Glasgow Girls

Queen Victoria's Life in the Scottish Highlands

Queen Victoria and Prince Albert,
page 12 of 13

He had, too, a peculiar capacity for understanding foreign nations in their lines of thought, their likes and dislikes, and their politics. As learning of all kinds was to the great Lord Bacon, so the politics of all nations were to Lord Palmerston. He practically had, at all times, the political map of Europe not only in his pocket, but he knew it by heart. By that power of witchery which he possessed, which amounted to genius, he had the faculty of feeling a nation’s pulse on all vital points without that nation knowing it, and he regulated his own country’s political action accordingly, and seldom blundered in the decision. In his legislative relationships at home he was ever guided by this same strong, far-seeing faculty. He well knew that, so long as he had public opinion on his side, no influence could subvert him or prevail against him. His knowledge of public opinion, and the probable tendency it might, at some important juncture, take, seemed to be in him an instinct, and could always be trusted. He had his failings, being stubborn, hot-tempered, and self-willed; but no statesman of the reign has served his sovereign and his country more faithfully, and no one has ever done so much to make our name both respected and feared abroad.

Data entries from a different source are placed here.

Lemma open_level_set_pm1 (R : realType) (T : topologicalType) (h : T -> R) :
  continuous h -> (forall y, h y = 1 \/ h y = -1) -> forall c, open [set y | h y = c].
Proof.
move=> hc hpm c; have openpre (B : set R) : open B -> open (h @^-1` B).
  by move=> oB; apply: open_comp => // y _; exact: hc.
have [->|c1] := eqVneq c 1.
  rewrite (_ : [set y | _] = h @^-1` [set r | r > 0]); first exact/openpre/open_gt.
  by apply/seteqP; split => y /=; [move=> -> | case: (hpm y) => ->]; rewrite ?ltr0N1.
have [->|c2] := eqVneq c (-1).
  rewrite (_ : [set y | _] = h @^-1` [set r | r < 0]); first exact/openpre/open_lt.
  apply/seteqP; split => y /=; first by move=> ->; rewrite ltrN10.
  by case: (hpm y) => ->; rewrite ?ltr10.
rewrite (_ : [set y | _] = set0); first exact: open0.
apply/seteqP; split => y //= hy.
by case: (hpm y); rewrite hy => e; [move: c1 | move: c2]; rewrite e eqxx.
Qed.

Definition pointed_copy (T : topologicalType) (t : T) : Type := T.

Section PointedCopy.
Variables (T : topologicalType) (t : T).
HB.instance Definition _ := Topological.on (pointed_copy t).
HB.instance Definition _ := isPointed.Build (pointed_copy t) t.

(* [compact_cover] is stated for pointed spaces; any point of [T] will do. *)
Lemma compact_cover_compact (A : set T) : compact A -> cover_compact A.
Proof. by move=> cA; have : @compact (pointed_copy t) A := cA; rewrite compact_cover. Qed.
End PointedCopy.

Lemma compact_closed_image (Y X : topologicalType) (p : Y -> X) :
  continuous p -> compact [set: Y] -> hausdorff_space X ->
  forall C, closed C -> closed (p @` C).
Proof.
move=> pc Yc hX C Ccl; apply: compact_closed => //; apply: continuous_compact.
  exact: continuous_subspaceT.
exact: subclosed_compact Ccl Yc _.
Qed.

Lemma continuous_factor (R : realType) (Y X : topologicalType) (p : Y -> X) (sec : X -> Y)
    (h : Y -> R) :
  continuous p -> compact [set: Y] -> hausdorff_space X -> cancel sec p ->
  (forall c, open [set y | h y = c]) -> (forall y y', p y = p y' -> h y = h y') ->
  continuous (h \o sec).
Proof.
move=> pc Yc hX secK hopen hfib x; apply: (near_cst_continuous (h (sec x))).
pose Z := p @` ~` [set y | h y = h (sec x)].
have oZ : open (~` Z) by apply/closed_openC/compact_closed_image => //; exact: open_closedC.
have Zx : (~` Z) x by move=> [y /= ny py]; apply: ny; apply: hfib; rewrite py secK.
apply: filterS (open_nbhs_nbhs (conj oZ Zx)) => x' nZ /=.
by apply: contrapT => ne; apply: nZ; exists (sec x').
Qed.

The whole of Her Majesty’s reign has marked a wonderful and brilliant era in civilization. During that period our own nation may be said to have created a literature, an art, and a philosophy of its own. The men of distinction in letters who have been raised in our land during the past half-century are almost numberless, but, amongst the great masters in thought and distinguished moral teachers, Dr. Arnold, Carlyle, Dickens, Thackeray, John Stuart Mill, Herbert Spencer, Huxley, Tyndal, and Darwin may be mentioned. Apart from all these teachers there are two men who have richly gained for themselves a lofty splendid eminence in the purest regions of the world of thought-Tennyson and Browning. By a happy, though very unusual, chance in literary history, these two most eminent British poets of the latter half of the nineteenth century have been contemporaries, and both have had allotted to them more than the threescore years and ten of which the Psalmist sings. They have not been the ephemeral poets of a day, but all their lives long have had an increasing popularity, and in their latter days have commanded veneration and love; and when, one short year ago, the latter was buried by the side of him (Charles Dickens) who wrote of “Little Nell,” in Westminster Abbey, no hero or great man ever more deserved the sweet words of his own beloved wife’s hymn, set to the solemn strains of the organ, “He giveth His beloved sleep!” Unlike the too frequent lot of poets,

“Who learn by suffering what they teach in song,”

it has been the happy lot of Tennyson and Browning to live free from the pressure and excesses which have agitated the lives of so many great men. In much these poets are alike; but the noblest point in which they resemble each other is their holding fast to the great spiritual truths of existence, and, with lofty aim, looking ever upwards to the grand destiny of the human soul. They have been prophets, teachers, seers, as well as poets; and it is alike an honour to them, and a matter for unbounded gratification to us that our two most illustrious poets have ever had implicit confidence in the divine Fatherhood, that confidence so nobly expressed in Browning’s line:—

“God’s in His heaven: all’s right with the world.”